Los fantasmas.
Dicen que hay que elegir muy cuidadosamente a nuestros enemigos. Yo, en cambio, prefiero la idea de que hay que afinar el ojo a la hora de reconocer a uno de esos espectros que nos inquietan y nos atemorizan. Es fácil librar una guerra, lo difícil es sentirse conmovido, y esto último es lo que consiguen los de la sábana blanca. Habla la canción de una mujer innombrable que huye, y como el día está nublado esa señorita se me pareció mucho. Me reconozco mujer. Me puse a pensar entonces para quién seré innombrable, para quién soy un fantasma. Lo primero que hice fue echar cuenta de los míos para evaluar si existe la posibilidad de que la relación fantasmagórica sea correspondida.
Yo sé que soy un fantasma para El. La duda respecto a si no será mi propio y gran amor propio el que me hace estar tan segura de ello me importa un coño.
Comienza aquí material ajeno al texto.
(* Let $X$ be a regular Hausdorff space. Then $X$ is an $\aleph_k$-space if and only if $\mathcal{K}(X)$ is an $\aleph_k$-space; and $X$ is an $\overline{\aleph}_k$-space if and only if $\mathcal{K}(X)$ is an $\overline{\aleph}_k$-space.
   Context: $\mathcal{K}(X)$ is the space of nonempty compact subsets of $X$ with the Vietoris topology (base: $\langle U_1,\dots,U_k\rangle=\{K: K\subset\bigcup U_i,\ K\cap U_j\neq\emptyset\ \forall j\}$, $U_i$ open). A family $\mathcal{P}$ of subsets of $Y$ is a $k$-network if for every compact $K$ and open $U\supset K$ some finite $\mathcal{P}'\subset\mathcal{P}$ satisfies $K\subset\bigcup\mathcal{P}'\subset U$; it is compact-countable if each compact set meets only countably many members. A regular space is an $\aleph_k$-space if it has a compact-countable $k$-network, and an $\overline{\aleph}_k$-space if it has a compact-countable $k$-network consisting of closed sets. *)

From HB Require Import structures.
From mathcomp Require Import all_boot all_order.
From mathcomp Require Import all_classical all_reals all_analysis.
Set Implicit Arguments. Unset Strict Implicit. Unset Printing Implicit Defensive.
Local Open Scope classical_set_scope.

Definition hyperspace (X : topologicalType) :=
  {K : set X | `[< compact K /\ K !=set0 >]}.

Section Hyper.
Variable X : topologicalType.
HB.instance Definition _ := Choice.on (hyperspace X).

Definition vietoris_subbase (p : bool * set X) : set (hyperspace X) :=
  if p.1 then [set K | (proj1_sig K) `<=` p.2]
  else [set K | (proj1_sig K) `&` p.2 !=set0].

HB.instance Definition _ := isSubBaseTopological.Build (hyperspace X)
  [set p : bool * set X | open p.2] vietoris_subbase.
End Hyper.


Definition k_network (Y : topologicalType) (P : set (set Y)) : Prop :=
  forall (K U : set Y), compact K -> open U -> K `<=` U ->
    exists F : set (set Y), [/\ finite_set F, F `<=` P,
      K `<=` \bigcup_(A in F) A & \bigcup_(A in F) A `<=` U].

Definition compact_countable (Y : topologicalType) (P : set (set Y)) : Prop :=
  forall K : set Y, compact K -> countable [set A | P A /\ A `&` K !=set0].

Definition aleph_k_space (Y : topologicalType) : Prop :=
  regular_space Y /\
  exists P : set (set Y), k_network P /\ compact_countable P.

Definition closed_aleph_k_space (Y : topologicalType) : Prop :=
  regular_space Y /\
  exists P : set (set Y), [/\ k_network P, compact_countable P &
                             forall A, P A -> closed A].

From HB Require Import structures.
From mathcomp Require Import all_boot all_order.
From mathcomp Require Import all_classical all_reals all_analysis.
From mathcomp Require Import finmap.
Local Open Scope classical_set_scope.

(* The boxes <V; W> = [set K | K `<=` V, K meets every w in W], with V and the
   finitely many w open, form a base of the Vietoris topology.  Regularity of X
   lets one shrink a box around M to a box <V'; W'> around M whose closure
   <cl V'; cl W'> still lies in <V; W>; hence K(X) is regular.
   Given a k-network P of X, a compact family KK of K(X) inside an open U has a
   compact union L and is covered by finitely many such nested boxes inside U.
   Covering the finitely many compact sets L /\ cl V' and L /\ cl V' /\ cl w'
   by members of P lying in V, resp. V /\ w, yields a finite P' of P such that
   every K in KK lies in some <\bigcup S; S> inside U with S a subset of P'.
   So the boxes <\bigcup S; S>, S a finite subfamily of P, form a k-network of
   K(X); it is compact-countable since such a box meets KK only if every
   member of S meets L, and it consists of closed sets when P does.
   Conversely x |-> {x} embeds X into K(X), and preimages of a k-network under
   an embedding form a k-network. *)

(* [compact_cover] is only stated for pointed spaces; any point of a nonempty
   set serves. *)
Definition pointed_at {T : topologicalType} of T : Type := T.

Section PointedAt.
Variables (T : topologicalType) (a : T).
HB.instance Definition _ := Topological.on (pointed_at a).
HB.instance Definition _ := isPointed.Build (pointed_at a) a.
End PointedAt.

Lemma compact_coverP {T : topologicalType} (A : set T) :
  compact A <-> cover_compact A.
Proof.
have [->|/set0P[a _]] := eqVneq A set0.
  by split=> _; [move=> I D f _ _; exists fset0%fset | exact: compact0].
exact/propeqP/(congr1 (@^~ A) (@compact_cover (pointed_at a))).
Qed.

Lemma finite_subsets {T : choiceType} {A : set T} :
  finite_set A -> finite_set [set S | S `<=` A].
Proof.
move=> /finite_fsetP[A0 ->].
pose f (s : {set A0}) := [set x : T | exists2 y : A0, y \in s & val y = x].
apply: (@sub_finite_set _ _ (f @` setT)); last exact/finite_image/finite_finset.
move=> S SA; exists (finset (fun y : A0 => `[< S (val y) >])) => //.
apply/seteqP; split=> [x [y + <-]|x Sx]; first by rewrite inE => /asboolP.
by exists [` SA x Sx]%fset; rewrite // inE; exact/asboolP.
Qed.

Lemma closure_subset_closed {T : topologicalType} {A B : set T} :
  closed B -> A `<=` B -> closure A `<=` B.
Proof. by move=> /closure_id cB AB; rewrite cB; exact: closureS. Qed.

Lemma open_bigcap_finite {T : topologicalType} {I : choiceType} {D : set I}
    {f : I -> set T} :
  finite_set D -> (forall i, D i -> open (f i)) -> open (\bigcap_(i in D) f i).
Proof.
move=> /finite_fsetP[D0 ->] fo; rewrite openE => x fx.
by apply: filter_bigI => i iD; apply: open_nbhs_nbhs; split; [exact: fo|exact: fx].
Qed.

Section Regular.
Context {X : topologicalType}.
Hypothesis regX : regular_space X.

Lemma regular_open_shrink {x : X} {U : set X} : open U -> U x ->
  exists V, [/\ open V, V x & closure V `<=` U].
Proof.
move=> oU Ux; have [C Cx CU] := @regX x U (open_nbhs_nbhs (conj oU Ux)).
exists C°; split; [exact: open_interior | exact: Cx |].
by apply: subset_trans CU; apply: closureS; exact: interior_subset.
Qed.

Lemma regular_compact_shrink {K U : set X} : compact K -> open U -> K `<=` U ->
  exists V, [/\ open V, K `<=` V & closure V `<=` U].
Proof.
move=> /compact_coverP cK oU KU.
have /choice[V Vx] : forall x, exists V : set X,
    K x -> [/\ open V, V x & closure V `<=` U].
  move=> x; have [Kx|nKx] := pselect (K x); last by exists set0.
  by have [V ?] := regular_open_shrink oU (KU _ Kx); exists V.
have oV x : K x -> open (V x) by move=> /Vx[].
have KV : K `<=` cover K V by move=> x Kx; exists x => //; case: (Vx x Kx).
have [D DK KD] := cK X K V oV KV.
have DKx x : x \in D -> K x by move=> /DK/set_mem.
exists (\bigcup_(x in [set` D]) V x); split => //.
  by apply: bigcup_open => x /DKx/Vx[].
apply: (@subset_trans _ (\bigcup_(x in [set` D]) closure (V x))).
  apply: closure_subset_closed.
    by apply: closed_bigcup => [|x _]; [exact: finite_fset | exact: closed_closure].
  by move=> y [x Dx Vy]; exists x => //; exact: subset_closure.
by move=> y [x /DKx/Vx[_ _]]; apply.
Qed.

End Regular.

Section Vietoris.
Context {X : topologicalType}.
Local Notation KX := (hyperspace X).

Definition box (V : set X) (W : set (set X)) : set KX :=
  [set M | sval M `<=` V /\ forall w, W w -> sval M `&` w !=set0].

Lemma compact_sval (M : KX) : compact (sval M).
Proof. by case: M => K /= /asboolP[]. Qed.

Lemma boxS (V V' : set X) (W W' : set (set X)) :
  V `<=` V' -> (forall w', W' w' -> exists2 w, W w & w `<=` w') ->
  box V W `<=` box V' W'.
Proof.
move=> VV' WW' M [MV MW]; split=> [x /MV/VV'//|w' /WW'[w /MW[x [Mx wx]] ww']].
by exists x; split; [|exact: ww'].
Qed.

Lemma open_vietoris_subbase (b : bool) (U : set X) :
  open U -> open (vietoris_subbase (b, U)).
Proof.
move=> oU; exists [set vietoris_subbase (b, U)]; last by rewrite bigcup_set1.
by move=> _ ->; exact: finI_from1.
Qed.

Lemma boxE (V : set X) (W : set (set X)) :
  box V W = vietoris_subbase (true, V) `&`
            \bigcap_(w in W) vietoris_subbase (false, w).
Proof. by []. Qed.

Lemma open_box (V : set X) (W : set (set X)) :
  open V -> finite_set W -> (forall w, W w -> open w) -> open (box V W).
Proof.
move=> oV fW oW; rewrite boxE; apply: openI; first exact: open_vietoris_subbase.
by apply: open_bigcap_finite => // w /oW; exact: open_vietoris_subbase.
Qed.

Lemma setC_box (V : set X) (W : set (set X)) :
  ~` box V W = vietoris_subbase (false, ~` V) `|`
               \bigcup_(w in W) vietoris_subbase (true, ~` w).
Proof.
apply/seteqP; split=> [M /not_andP[/existsNP[x /not_implyP[Mx nVx]]|]|M].
- by left; exists x.
- move=> /existsNP[w /not_implyP[Ww /set0P/negP/negPn/eqP Mw]].
  by right; exists w => // x Mx wx; suff: (sval M `&` w) x by rewrite Mw.
- case=> [[x [Mx nVx]]|[w Ww Mw]] [MV MW]; first exact/nVx/MV.
  by have [x [Mx wx]] := MW _ Ww; exact: Mw Mx wx.
Qed.

Lemma closed_box (V : set X) (W : set (set X)) :
  closed V -> (forall w, W w -> closed w) -> closed (box V W).
Proof.
move=> cV cW; rewrite -openC setC_box; apply: openU.
  exact/open_vietoris_subbase/closed_openC.
by apply: bigcup_open => w /cW /closed_openC; exact: open_vietoris_subbase.
Qed.

Lemma bigcap_vietoris_subbase (F : {fset bool * set X}) :
  \bigcap_(p in [set` F]) vietoris_subbase p =
  box (\bigcap_(p in [set p | p \in F /\ p.1]) p.2)
      [set p.2 | p in [set p | p \in F /\ ~~ p.1]].
Proof.
apply/seteqP; split=> [M MF|M [MV MW] [[] U] /= pF].
- split=> [x Mx [b U] [pF /= b1]|_ [[b U] [pF /= b1] <-]].
  + by move: (MF _ pF); rewrite /vietoris_subbase b1 /=; apply.
  + by move: (MF _ pF); rewrite /vietoris_subbase (negbTE b1).
- by move=> x /MV; apply.
- by apply: MW; exists (false, U).
Qed.

Lemma open_box_nbhs {U : set KX} {M : KX} : open U -> U M ->
  exists V W, [/\ open V, finite_set W, (forall w, W w -> open w),
                  box V W M & box V W `<=` U].
Proof.
case=> B sB <- [i Bi iM]; have [F sF iF] := sB _ Bi.
have Fo p : p \in F -> open p.2 by move=> /sF/set_mem.
exists (\bigcap_(p in [set p | p \in F /\ p.1]) p.2).
exists [set p.2 | p in [set p | p \in F /\ ~~ p.1]].
rewrite -iF bigcap_vietoris_subbase in iM; split => //.
- apply: open_bigcap_finite => [|p [pF _]]; last exact: Fo.
  by apply: (sub_finite_set _ (finite_fset F)) => p [].
- apply: finite_image.
  by apply: (sub_finite_set _ (finite_fset F)) => p [].
- by move=> _ [p [pF _] <-]; exact: Fo.
- by move=> N BN; exists i => //; rewrite -iF bigcap_vietoris_subbase.
Qed.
Soy uno de sus fantasmas predilectos, de esos que lo sorprenden por lugares en los que daba todo por conocido. Lo que no entiendo es por qué diablos El también acabó convirtiéndose en uno de mis fantasmas. Uno de esos que están condenados a seguir siéndolo eternamente, de los que sabemos que ya nunca podrán ocupar otro espacio-tiempo más que el de nuestra propia cabeza. Y no: no está muerto. Pero sí está condenado por el santo tribunal de mis tres personalidades a no escaparse de su condición espectral.
Mis tres yoses. Ellas sí que vivieron en carne propia eso de conocerlo cuando aún gozaba de voz, piel, olor, risa. Yo sencillamente me encargué de huir, cual mujer innombrable. Lucía, Carla e Hilda, tales los nombres de las que se disputan el dominio de mis actos, tienen cada una un 33.33 por ciento de personalidad. A mi sólo me queda un 0.01 por ciento. Pero nadie podrá decir que no soy hábil para usar esa cuota de poder y desestructurarles la existencia a las tres. Aún así, en este momento las tres me obligan a reconocer que también es cierto que cuando me doy cuenta de que incurrí en un capricho que sólo acabó fragmentándome a mí, me es casi imposible presionar sobre ellas para intentar revertirlo. Ellas no creen en eso. Y seguramente hacen bien. Por algo la de los fantasmas soy yo y ellas las que conocieron a El cuando aún era voz, piel, olor, risa.
Fui yo quien lo dejó. Ante una Hilda con los ojos decaídos por tan poca entereza moral, una Lucía que lagrimeaba porque ¡vaya si le gustaba jugar a las escondidas con El!, y una Carla que hasta se había permitido alguna ternura por sobre el sexo (ella entiende que no son exactamente lo mismo). Pero por capricho, o un estúpido capricho, o simplemente un estúpido, pero en todo caso siempre por un masculino, fui yo quien huyó. Como no soy capaz de sentir voz, carne, olor, risa, sino simplemente a la posibilidad del fantasma, me asusté. Se sabe que a los fantasmas es mejor tenerlos lejos. Aunque en los días fríos se me haga insoportable eso de encontrarme conmigo misma, a solas, sin ellas que se han quedado sin El.